=== Exercise directions ===
Only the lines of the data below from the one with "apply: (@pexpIrn _" through the one with "move=> P0 Q0 PQ1 q0 q'0 qq'1 outside." are wanted. Repeat them exactly.

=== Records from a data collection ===
*** Begin section ***
Lemma sqrt_mul a b : 0 <= a -> 0 <= b -> sqrt a * sqrt b = sqrt (a * b).
Proof.
move=> a0 b0; have ab0 := mulr_ge0 a0 b0.
apply: (@pexpIrn _ 2); rewrite ?nnegrE ?mulr_ge0 ?sqrt_ge0 //=.
by rewrite exprMn !sqrtK.
Qed.

Lemma sign_weights s G : `|s| <= G ->
  exists w w' : R, w ^+ 2 + w' ^+ 2 = 1 /\ (w ^+ 2 - w' ^+ 2) * G = s.
Proof.
move=> hs; have G0 : 0 <= G := le_trans (normr_ge0 s) hs.
pose t := s / G.
have t1 : `|t| <= 1.
  rewrite /t; have [->|G_neq0] := eqVneq G 0; first by rewrite invr0 mulr0 normr0 ler01.
  by rewrite normrM normfV (ger0_norm G0) ler_pdivrMr ?mul1r // lt_def G_neq0.
have [tp tm] : 0 <= (1 + t) / 2 /\ 0 <= (1 - t) / 2.
  by move: t1; rewrite ler_norml => /andP[? ?]; split; apply: divr_ge0; lra.
exists (sqrt ((1 + t) / 2)), (sqrt ((1 - t) / 2)); rewrite !sqrtK //; split; first by field.
have [G_eq0|G_neq0] := eqVneq G 0; last by rewrite /t; field.
by move: hs; rewrite G_eq0 mulr0 normr_le0 => /eqP ->.
Qed.

Lemma unit_vectors_between P Q q :
  (q - P) * (q - Q) <= 0 ->
  exists x y xb yb : R, [/\ x ^+ 2 + xb ^+ 2 = 1, y ^+ 2 + yb ^+ 2 = 1,
    P * x ^+ 2 + Q * yb ^+ 2 = q & x * y + xb * yb = 1].
Proof.
case/convex_combination_between => l [l0 l1] hl.
exists (sqrt l), (sqrt l), (sqrt (1 - l)), (sqrt (1 - l)).
by rewrite -!expr2 !sqrtK // -hl; split; ring.
Qed.

Lemma unit_vectors_outside P Q q q' :
  0 <= P -> 0 <= Q -> P + Q = 1 -> 0 <= q -> 0 <= q' -> q + q' = 1 ->
  0 < (q - P) * (q - Q) ->
  exists x y xb yb : R, [/\ x ^+ 2 + xb ^+ 2 = 1, y ^+ 2 + yb ^+ 2 = 1,
    P * x ^+ 2 + Q * yb ^+ 2 = q & x * y + xb * yb = sqrt (q * q' / (P * Q))].
Proof.
move=> P0 Q0 PQ1 q0 q'0 qq'1 outside.
have [P_gt0 Q_gt0] : 0 < P /\ 0 < Q by split; nra.
have eQ : Q = 1 - P by rewrite -PQ1; ring.
have eq' : q' = 1 - q by rewrite -qq'1; ring.
subst Q q'.
have den_neq0 : (q - (1 - P)) + (q - P) != 0.
  by apply/eqP => h; have := sqr_ge0 (q - P); nra.
pose L := (q - (1 - P)) / ((q - (1 - P)) + (q - P)).
have L0 : 0 <= L by apply: divr_ge0_of_mul; have := sqr_ge0 (q - (1 - P)); nra.
have L1 : 0 <= 1 - L.
  have -> : 1 - L = (q - P) / ((q - (1 - P)) + (q - P)) by rewrite /L; field.
  by apply: divr_ge0_of_mul; have := sqr_ge0 (q - P); nra.
have [P_neq0 Q_neq0] : P != 0 /\ 1 - P != 0 by rewrite !gt_eqF.
have [[[qP0 q'Q0] q'P0] qQ0] :=
  (divr_ge0 q0 P0, divr_ge0 q'0 Q0, divr_ge0 q'0 P0, divr_ge0 q0 Q0).
exists (sqrt L * sqrt (q / P)), (sqrt L * sqrt ((1 - q) / (1 - P))),
       (sqrt (1 - L) * sqrt ((1 - q) / P)), (sqrt (1 - L) * sqrt (q / (1 - P))).
rewrite !exprMn !sqrtK //; split; try by rewrite /L; field; rewrite ?P_neq0 ?Q_neq0 ?den_neq0.
have -> : sqrt L * sqrt (q / P) * (sqrt L * sqrt ((1 - q) / (1 - P))) +
          sqrt (1 - L) * sqrt ((1 - q) / P) * (sqrt (1 - L) * sqrt (q / (1 - P))) =
          sqrt L ^+ 2 * (sqrt (q / P) * sqrt ((1 - q) / (1 - P))) +
          sqrt (1 - L) ^+ 2 * (sqrt ((1 - q) / P) * sqrt (q / (1 - P))) by ring.
rewrite !sqrtK // !sqrt_mul //.
have -> : (1 - q) / P * (q / (1 - P)) = q / P * ((1 - q) / (1 - P)) by ring.
by rewrite -mulrDl (_ : L + (1 - L) = 1) ?mul1r ?mulf_div //; ring.
Qed.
*** End section ***
=== Response below ===
apply: (@pexpIrn _ 2); rewrite ?nnegrE ?mulr_ge0 ?sqrt_ge0 //=.
by rewrite exprMn !sqrtK.
Qed.

Lemma sign_weights s G : `|s| <= G ->
  exists w w' : R, w ^+ 2 + w' ^+ 2 = 1 /\ (w ^+ 2 - w' ^+ 2) * G = s.
Proof.
move=> hs; have G0 : 0 <= G := le_trans (normr_ge0 s) hs.
pose t := s / G.
have t1 : `|t| <= 1.
  rewrite /t; have [->|G_neq0] := eqVneq G 0; first by rewrite invr0 mulr0 normr0 ler01.
  by rewrite normrM normfV (ger0_norm G0) ler_pdivrMr ?mul1r // lt_def G_neq0.
have [tp tm] : 0 <= (1 + t) / 2 /\ 0 <= (1 - t) / 2.
  by move: t1; rewrite ler_norml => /andP[? ?]; split; apply: divr_ge0; lra.
exists (sqrt ((1 + t) / 2)), (sqrt ((1 - t) / 2)); rewrite !sqrtK //; split; first by field.
have [G_eq0|G_neq0] := eqVneq G 0; last by rewrite /t; field.
by move: hs; rewrite G_eq0 mulr0 normr_le0 => /eqP ->.
Qed.

Lemma unit_vectors_between P Q q :
  (q - P) * (q - Q) <= 0 ->
  exists x y xb yb : R, [/\ x ^+ 2 + xb ^+ 2 = 1, y ^+ 2 + yb ^+ 2 = 1,
    P * x ^+ 2 + Q * yb ^+ 2 = q & x * y + xb * yb = 1].
Proof.
case/convex_combination_between => l [l0 l1] hl.
exists (sqrt l), (sqrt l), (sqrt (1 - l)), (sqrt (1 - l)).
by rewrite -!expr2 !sqrtK // -hl; split; ring.
Qed.

Lemma unit_vectors_outside P Q q q' :
  0 <= P -> 0 <= Q -> P + Q = 1 -> 0 <= q -> 0 <= q' -> q + q' = 1 ->
  0 < (q - P) * (q - Q) ->
  exists x y xb yb : R, [/\ x ^+ 2 + xb ^+ 2 = 1, y ^+ 2 + yb ^+ 2 = 1,
    P * x ^+ 2 + Q * yb ^+ 2 = q & x * y + xb * yb = sqrt (q * q' / (P * Q))].
Proof.
move=> P0 Q0 PQ1 q0 q'0 qq'1 outside.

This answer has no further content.